Шрифт:
Интервал:
Закладка:
Настасья начала извиваться, пытаясь сбросить с себя Розена. Но тот был раза в два тяжелее, чем она, и вряд ли даже заметил её усилия. Он запустил свою левую руку под её свитер и начал водить ею по Настасьиной груди, по животу и даже по ключицам. Она просто не понимала, как его рука могла оказаться такой длинной? И почему дыхание его сделалось таким тяжелым, как будто он только что пробежал дистанцию марафона? Настасье всё это казалось нереальным, подобием дурного сна. И нужно только чуть-чуть постараться, напрячь силу воли, чтобы проснуться. Тогда всё это разом закончится — растает, не будет иметь никакого значения.
А Розен медленно, будто нехотя, вытащил руку у неё из-под свитера и, потянувшись к её волосам, выдернул из них заколку.
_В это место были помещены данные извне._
(* Let $\mu,\psi,x>0$. If $$x>\frac{1}{2\sqrt2}-\frac{1+\sqrt2}{2\sqrt2}\,\frac{\log(2\psi\mu^2)}{\psi},$$ then $$e^{-\psi x}<\frac{\mu}{\sqrt{x+\frac12}}.$$ *)

From Stdlib Require Export Reals.

(* With [c = 1 + sqrt 2] the hypothesis reads [c ln(2 psi mu^2) > psi (1 - 2 sqrt 2 x)], and since
   [c - sqrt 2 = 1] this is exactly [ln(2 psi mu^2) + 2 psi x > y / c] for [y = 2 psi (x + 1/2)].
   As [c < e], the tangent-line bound [ln y < y / c] holds for every [y > 0], so
   [exp(-2 psi x) y < 2 psi mu^2], i.e. [exp(-psi x)^2 (x + 1/2) < mu^2]; take square roots. *)
From Stdlib Require Import Reals Lra Psatz.
Open Scope R_scope.

Lemma sqrt2_lt_1415 : sqrt 2 < 1.415.
Proof.
  apply Rsqr_incrst_0; [| apply sqrt_pos | lra].
  rewrite Rsqr_sqrt by lra. unfold Rsqr. lra.
Qed.

Lemma one_plus_sqrt2_lt_exp1 : 1 + sqrt 2 < exp 1.
Proof.
  (* [e = (e^(1/4))^4 > (5/4)^4 > 2.44] *)
  assert (hsqrt2 := sqrt2_lt_1415).
  assert (hquarter : 1 + / 4 < exp (/ 4)) by (apply exp_ineq1; lra).
  assert (hsplit : exp 1 = exp (/ 4) * exp (/ 4) * (exp (/ 4) * exp (/ 4))).
  { rewrite <- !exp_plus. f_equal. lra. }
  assert (hhalf : 1.5625 < exp (/ 4) * exp (/ 4)) by nra.
  rewrite hsplit. nra.
Qed.

Lemma ln_lt_div (c y : R) : 0 < c -> c < exp 1 -> 0 < y -> ln y < y / c.
Proof.
  intros hc hce hy.
  apply exp_lt_inv. rewrite exp_ln by exact hy.
  assert (hyc : 0 < y / c) by (apply Rdiv_lt_0_compat; assumption).
  assert (hsplit : exp (y / c) = exp (y / c - 1) * exp 1).
  { rewrite <- exp_plus. f_equal. ring. }
  assert (htangent := exp_ineq1_le (y / c - 1)).
  assert (hy_eq : y = y / c * c) by (field; lra).
  rewrite hsplit, hy_eq at 1. nra.
Qed.

Lemma hypothesis_rearranged (psi x L : R) : 0 < psi ->
  x > 1 / (2 * sqrt 2) - (1 + sqrt 2) / (2 * sqrt 2) * (L / psi) ->
  2 * psi * (x + 1 / 2) / (1 + sqrt 2) < L + 2 * psi * x.
Proof.
  intros hpsi h.
  assert (hs : 0 < sqrt 2) by (apply sqrt_lt_R0; lra).
  assert (hcL : (1 + sqrt 2) * L > psi * (1 - 2 * sqrt 2 * x)).
  { apply Rmult_gt_reg_l with (/ (2 * sqrt 2 * psi)).
    - apply Rinv_0_lt_compat. nra.
    - replace (/ (2 * sqrt 2 * psi) * ((1 + sqrt 2) * L))
        with ((1 + sqrt 2) / (2 * sqrt 2) * (L / psi)) by (field; lra).
      replace (/ (2 * sqrt 2 * psi) * (psi * (1 - 2 * sqrt 2 * x)))
        with (1 / (2 * sqrt 2) - x) by (field; lra).
      lra. }
  apply Rmult_lt_reg_r with (1 + sqrt 2); [lra|].
  replace (2 * psi * (x + 1 / 2) / (1 + sqrt 2) * (1 + sqrt 2))
    with (2 * psi * (x + 1 / 2)) by (field; lra).
  nra.
Qed.

Lemma lt_div_sqrt_of_sqr_mul_lt (a b t : R) : 0 <= a -> 0 < b -> 0 < t ->
  a ^ 2 * t < b ^ 2 -> a < b / sqrt t.
Proof.
  intros ha hb ht hlt.
  assert (hst : 0 < sqrt t) by (apply sqrt_lt_R0; exact ht).
  assert (hsqrt : sqrt (a ^ 2 * t) < sqrt (b ^ 2)).
  { apply sqrt_lt_1_alt. split; [nra | exact hlt]. }
  rewrite sqrt_mult, !sqrt_pow2 in hsqrt by nra.
  apply Rmult_lt_reg_r with (sqrt t); [exact hst|].
  replace (b / sqrt t * sqrt t) with b by (field; lra).
  exact hsqrt.
Qed.

Theorem mainTheorem19 (mu psi x : R) (hmu : 0 < mu) (hpsi : 0 < psi) (hx : 0 < x)
  (h : x > 1 / (2 * sqrt 2)
           - (1 + sqrt 2) / (2 * sqrt 2) * (ln (2 * psi * mu ^ 2) / psi)) :
  exp (- psi * x) < mu / sqrt (x + 1 / 2).
Proof.
  set (y := 2 * psi * (x + 1 / 2)).
  set (m := 2 * psi * mu ^ 2).
  assert (hy : 0 < y) by (unfold y; nra).
  assert (hm : 0 < m) by (unfold m; pose proof (pow_lt mu 2 hmu); nra).
  assert (hln : ln y < ln m + 2 * psi * x).
  { apply Rlt_trans with (y / (1 + sqrt 2)).
    - apply ln_lt_div; [pose proof (sqrt_pos 2); lra | exact one_plus_sqrt2_lt_exp1 | exact hy].
    - exact (hypothesis_rearranged psi x (ln m) hpsi h). }
  assert (hexp : exp (- psi * x) ^ 2 * y < m).
  { replace (exp (- psi * x) ^ 2 * y) with (exp (ln y - 2 * psi * x)).
    - rewrite <- (exp_ln m) by exact hm. apply exp_increasing. lra.
    - unfold Rminus. rewrite exp_plus, exp_ln by exact hy.
      replace (- (2 * psi * x)) with (- psi * x + - psi * x) by ring.
      rewrite exp_plus. ring. }
  apply lt_div_sqrt_of_sqr_mul_lt; [left; apply exp_pos | exact hmu | lra |].
  unfold y, m in hexp. nra.
Qed.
Черная грива Настасьиных волос тяжелой волной растеклась по заделанному собаками песку, и мужчина провел рукой по её волосам — раз, другой, пропуская их через пальцы своей левой руки, как через гребенку с толстыми зубьями. Волосы упали девушке на глаза, и она перестала видеть гнусное лицо Мартина Розена, на котором застыло какое-то отрешенное выражение.
А потом сенатор, ведя рукой по её длинным прядям, дотянулся до молнии на её джинсах и начал дергать застежку вниз. Настасья подумала: джинсы Макса ей велики, и Розен мог бы и так стащить их с неё. Но ему это, очевидно, просто не приходило в голову. Он только дергал молнию, которую заело, потому как на ней не хватало двух зубцов.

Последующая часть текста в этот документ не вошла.